I am trying to create a simple self-avoiding freely-jointed chain. The chain part is already completed, it starts at a given point in 3D space (e.g. [0,0,0]). I then generate a new point by randomizing two spherical coordinates θ, φ (the radius is given). Giving me a new point.
Since the points are randomly placed (as opposed to integers a normal 3D walk on a 3D grid), I cannot check if the exact point has been visited before (i.e., iterate over an array of visited points). Instead I have to check if the point lies within a certain radius of previously visited points (small spheres created by every visited point).

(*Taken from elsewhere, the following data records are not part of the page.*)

(* Assume $|V|\ge2$. Set $\kappa_\lambda:=\min_{x\ne y}\kappa_\lambda(x,y)$ for $\lambda>0$ and $\underline\kappa_0:=\min_{x\ne y}\underline\kappa(x,y)$. Then $\liminf_{\lambda\downarrow0}\kappa_\lambda/\lambda=\underline\kappa_0$.
   Context: Let $H=(V,E,w)$ be a weighted hypergraph: $V$ is a finite set, $E$ a set of nonempty subsets of $V$, $w\colon E\to\mathbb{R}_{>0}$. Write $x\sim y$ if some $e\in E$ contains both; $H$ is assumed connected. The degree is $d_x=\sum_{e\ni x}w_e>0$, $D=\mathrm{diag}(d_x)$. The distance $d(x,y)$ is the minimal $n$ with a chain $x=z_0\sim\cdots\sim z_n=y$. $\delta_x$ is the indicator of $x$. $\mathbb{R}^V$ carries the inner product $\langle f,g\rangle=\sum_x f(x)g(x)/d_x$ with norm $\|\cdot\|$. For $e\in E$ let $B_e=\mathrm{Conv}\{\delta_x-\delta_y : x,y\in e\}$. The multivalued hypergraph Laplacian is $L(f)=\{\sum_{e}w_e\mathtt{b}_e(\mathtt{b}_e^\top f) : \mathtt{b}_e\in\operatorname{argmax}_{\mathtt b\in B_e}\mathtt b^\top f\}$ and the normalized Laplacian is $\mathcal{L}f=L(D^{-1}f)$, a maximal monotone operator on $(\mathbb{R}^V,\langle\cdot,\cdot\rangle)$. For $\lambda>0$ the resolvent $J_\lambda=(I+\lambda\mathcal L)^{-1}$ is a single-valued map $\mathbb{R}^V\to\mathbb{R}^V$ (equivalently $J_\lambda f=\operatorname{argmin}_g\{\frac{1}{2\lambda}\|f-g\|^2+Q(D^{-1}g)\}$, $Q(g)=\frac12\sum_e w_e\max_{x,y\in e}(g(x)-g(y))^2$). A function $f$ is weighted $1$-Lipschitz if $|f(x)/d_x-f(y)/d_y|\le d(x,y)$ for all $x,y$; $\mathrm{Lip}^1_w(V)$ denotes the set of such functions. $\mathrm{KD}_\lambda(x,y)=\sup\{\langle J_\lambda f,\delta_x-\delta_y\rangle : f\in\mathrm{Lip}^1_w(V)\}$. For $x\ne y$: $\kappa_\lambda(x,y)=1-\mathrm{KD}_\lambda(x,y)/d(x,y)$ and $\underline\kappa(x,y)=\liminf_{\lambda\downarrow0}\kappa_\lambda(x,y)/\lambda$. *)

From HB Require Import structures.
From mathcomp Require Import all_boot all_order all_algebra.
From mathcomp Require Import all_classical all_reals all_analysis.
Set Implicit Arguments. Unset Strict Implicit. Unset Printing Implicit Defensive.
Import Order.TTheory GRing.Theory Num.Theory.
Import numFieldNormedType.Exports.
Local Open Scope classical_set_scope.
Local Open Scope ring_scope.

Section Hypergraph.
Variables (R : realType) (V : finType) (E : {set {set V}}) (w : {set V} -> R).

Definition wf_hypergraph : Prop :=
  forall e, e \in E -> (0 < #|e|)%N /\ 0 < w e.

Definition adj (x y : V) : bool := [exists e in E, (x \in e) && (y \in e)].

Definition chain (n : nat) (x y : V) : Prop :=
  exists s : seq V, size s = n /\ path adj x s /\ last x s = y.

Definition connected_hg : Prop := forall x y, exists n, chain n x y.

Definition hdist (x y : V) : nat :=
  xget 0%N [set n | chain n x y /\ forall m, chain m x y -> (n <= m)%N].

Definition deg (x : V) : R := \sum_(e in E | x \in e) w e.

Definition ip (f g : V -> R) : R := \sum_x f x * g x / deg x.

Definition nrm2 (f : V -> R) : R := ip f f.

Definition Qen (g : V -> R) : R :=
  2^-1 * \sum_(e in E) w e *
    \big[Num.max/0]_(p : V * V | (p.1 \in e) && (p.2 \in e)) (g p.1 - g p.2) ^+ 2.

Definition Dinv (g : V -> R) : V -> R := fun x => g x / deg x.

Definition resolvent_energy (lam : R) (f g : V -> R) : R :=
  (2 * lam)^-1 * nrm2 (fun x => f x - g x) + Qen (Dinv g).

Definition resolvent (lam : R) (f : V -> R) : V -> R :=
  xget (fun _ => 0) [set g | forall h, resolvent_energy lam f g <= resolvent_energy lam f h].

Definition Lipw1 : set (V -> R) :=
  [set f | forall x y, `|f x / deg x - f y / deg y| <= (hdist x y)%:R].

Definition delta2 (x y : V) : V -> R := fun z => (z == x)%:R - (z == y)%:R.

Local Open Scope ereal_scope.

Definition KD (lam : R) (x y : V) : \bar R :=
  ereal_sup [set (ip (resolvent lam f) (delta2 x y))%:E | f in Lipw1].

Definition kappa (lam : R) (x y : V) : \bar R :=
  1%:E - KD lam x y * ((hdist x y)%:R^-1)%:E.

Definition kappa_over (x y : V) (lam : R) : \bar R := kappa lam x y * (lam^-1)%:E.

Definition kappa_low (x y : V) : \bar R := limf_einf (kappa_over x y) (0%R)^'+.

Definition kappa_min (lam : R) : \bar R :=
  \big[Order.min/+oo]_(p : V * V | p.1 != p.2) kappa lam p.1 p.2.

Definition kappa_low0 : \bar R :=
  \big[Order.min/+oo]_(p : V * V | p.1 != p.2) kappa_low p.1 p.2.

End Hypergraph.

From HB Require Import structures.
From mathcomp Require Import all_boot all_order all_algebra.
From mathcomp Require Import all_classical all_reals all_analysis.
From mathcomp Require Import lra.
Set Implicit Arguments. Unset Strict Implicit. Unset Printing Implicit Defensive.
Import Order.TTheory GRing.Theory Num.Theory.
Import numFieldNormedType.Exports.
Local Open Scope classical_set_scope.
Local Open Scope ring_scope.

(* Two general facts suffice, neither depending on the hypergraph:
   - dividing by lambda > 0 commutes with a finite minimum
     ([bigmin_mulr_pos]), so kappa_lambda / lambda is the pointwise minimum
     of the finitely many functions lambda |-> kappa_lambda(x,y) / lambda;
   - along any filter, the liminf of a finite minimum of extended-real
     functions is the minimum of their liminfs ([limf_einf_bigmin]).
   The inequality "liminf of min <= min of liminfs" is monotonicity of the
   liminf ([le_limf_einf_near]); the converse ([bigmin_limf_einf_le]) uses
   that for every real r below all the liminfs, each function eventually
   exceeds r, hence so does their minimum, and finitely many "eventually"
   conditions hold simultaneously; it is closed by the density criterion
   [lee_real_below]. *)

Local Open Scope ereal_scope.

Lemma lee_real_below (R : realType) (x y : \bar R) :
  (forall r : R, r%:E < x -> r%:E <= y) -> x <= y.
Proof.
case: x => [s| |] below; last by rewrite leNye.
- case: y below => [t| |] below; [|by rewrite leey|].
  + rewrite lee_fin leNgt; apply/negP => lt_ts.
    have mid_lt_s : ((s + t) / 2 < s)%R by rewrite ltr_pdivrMr //; lra.
    have := below ((s + t) / 2)%R; rewrite lte_fin lee_fin => /(_ mid_lt_s).
    by rewrite ler_pdivrMr //; lra.
  + have below_s : (s - 1 < s)%R by lra.
    by have := below (s - 1)%R; rewrite lte_fin leeNy_eq => /(_ below_s).
- case: y below => [t| |] below; [|by rewrite leey|].
  + by have := below (t + 1)%R (ltry _); rewrite lee_fin => ?; exfalso; lra.
  + by have := below 0%R (ltry _); rewrite leeNy_eq.
Qed.

(* Multiplying by a positive real commutes with a finite minimum; positivity
   (not just nonnegativity) is needed so that the empty minimum +oo is kept. *)
Lemma bigmin_mulr_pos (R : realType) (I : finType) (P : pred I)
    (a : I -> \bar R) (c : R) :
  (0 < c)%R ->
  (\big[Order.min/+oo]_(i | P i) a i) * c%:E
  = \big[Order.min/+oo]_(i | P i) (a i * c%:E).
Proof.
move=> c_gt0; elim/big_rec2: _ => [|i m mc _ <-]; first exact: gt0_mulye.
by apply: mine_pMl; rewrite // lee_fin ltW.
Qed.

Section LiminfOfMin.
Variables (R : realType) (F : set_system R).
Hypothesis FF : Filter F.

Lemma le_limf_einf_near (f g : R -> \bar R) :
  (\forall x \near F, f x <= g x) -> limf_einf f F <= limf_einf g F.
Proof.
move=> f_le_g; rewrite !limf_einfE.
apply: ge_ereal_sup => _ [U FU <-]; apply: le_ereal_sup_tmp.
exists (ereal_inf (g @` (U `&` [set x | f x <= g x]))).
  by exists (U `&` [set x | f x <= g x]) => //; exact: filterI.
apply: le_ereal_inf_tmp => _ [x [Ux fgx] <-].
by apply: le_trans fgx; apply: ereal_inf_lbound; exists x.
Qed.

Lemma bigmin_limf_einf_le (I : finType) (P : pred I) (g : I -> R -> \bar R) :
  \big[Order.min/+oo]_(i | P i) limf_einf (g i) F
  <= limf_einf (fun x => \big[Order.min/+oo]_(i | P i) g i x) F.
Proof.
apply: lee_real_below => r /bigmin_gtP[_ r_lt_liminf].
have eventually_gt i : \forall x \near F, P i -> r%:E < g i x.
  case Pi: (P i); last exact: filterE.
  move: (r_lt_liminf i Pi); rewrite limf_einfE => /ereal_sup_gtP[_ [U FU <-]].
  move=> r_lt_inf; apply: filterS FU => x Ux _; apply: lt_le_trans r_lt_inf _.
  by apply: ereal_inf_lbound; exists x.
set U := [set x | forall i, P i -> r%:E < g i x].
have FU : F U by exact: filter_forall.
rewrite limf_einfE; apply: le_ereal_sup_tmp.
exists (ereal_inf ((fun x => \big[Order.min/+oo]_(i | P i) g i x) @` U)).
  by exists U.
apply: le_ereal_inf_tmp => _ [x Ux <-].
by apply/ltW/bigmin_gtP; split; [exact: ltry|exact: Ux].
Qed.

Lemma limf_einf_bigmin (I : finType) (P : pred I) (f : R -> \bar R)
    (g : I -> R -> \bar R) :
  (\forall x \near F, f x = \big[Order.min/+oo]_(i | P i) g i x) ->
  limf_einf f F = \big[Order.min/+oo]_(i | P i) limf_einf (g i) F.
Proof.
move=> f_min; apply/eqP; rewrite eq_le; apply/andP; split.
  apply: le_bigmin; first exact: leey.
  move=> i Pi; apply: le_limf_einf_near; apply: filterS f_min => x ->.
  exact: bigmin_le_cond.
apply: (le_trans (bigmin_limf_einf_le P g)).
by apply: le_limf_einf_near; apply: filterS f_min => x ->.
Qed.

End LiminfOfMin.

Local Close Scope ereal_scope.

Theorem mainTheorem12 (R : realType) (V : finType) (E : {set {set V}})
    (w : {set V} -> R) :
  wf_hypergraph E w ->
  connected_hg E ->
  (forall x : V, 0 < deg E w x) ->
  (2 <= #|V|)%N ->
  limf_einf (fun lam : R => (kappa_min E w lam * (lam^-1)%:E)%E) (0%R)^'+
  = kappa_low0 E w.
Proof.
move=> _ _ _ _; apply: limf_einf_bigmin.
near=> lam; rewrite /kappa_min bigmin_mulr_pos // invr_gt0.
by near: lam; exact: nbhs_right_gt.
Unshelve. all: by end_near.
Qed.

I have tried extracting the part of my code I need help with, and adjusted it so it runs by itself. This is with step length 1, and the "avoid radius" = 0.5 (chosen arbitrarily)
import numpy as np
import random
# Generating new point in spherical coordinates, convert to cartesian coordinates
steps = 10
visited = np.zeros([steps,3],dtype=float) # "array of all visited points"
steplength= 1
costheta = random.uniform(-1,1)
theta = np.arccos(costheta)
phi = random.random() * 2 * np.pi
newpos = numpy.copy(visited[-1]) # copy of "previous point"
newpos[0] += steplength* np.cos(phi) * np.sin(theta)
newpos[1] += steplength* np.sin(phi) * np.sin(theta)
newpos[2] += steplength* np.cos(theta)
# Self-avoid condition (part I need help with)
tooclose = False
for i in range(steps): #For every visited position, check if newpos is too close
diff = np.subtract(pos, self.visited[i])
dist = np.sqrt(diff.dot(diff))
if dist < avoidradius ** 2:
tooclose = True
break
As shown in the code, I simply check the distance from every point and check if it's smaller than the allowed radius. This approach works to make it "self-avoiding", but it is slow. Is there a better way to do it? Perhaps using a different coordinate system, different numpy code (I am not very good at numpy), a different library or a different setup altogether?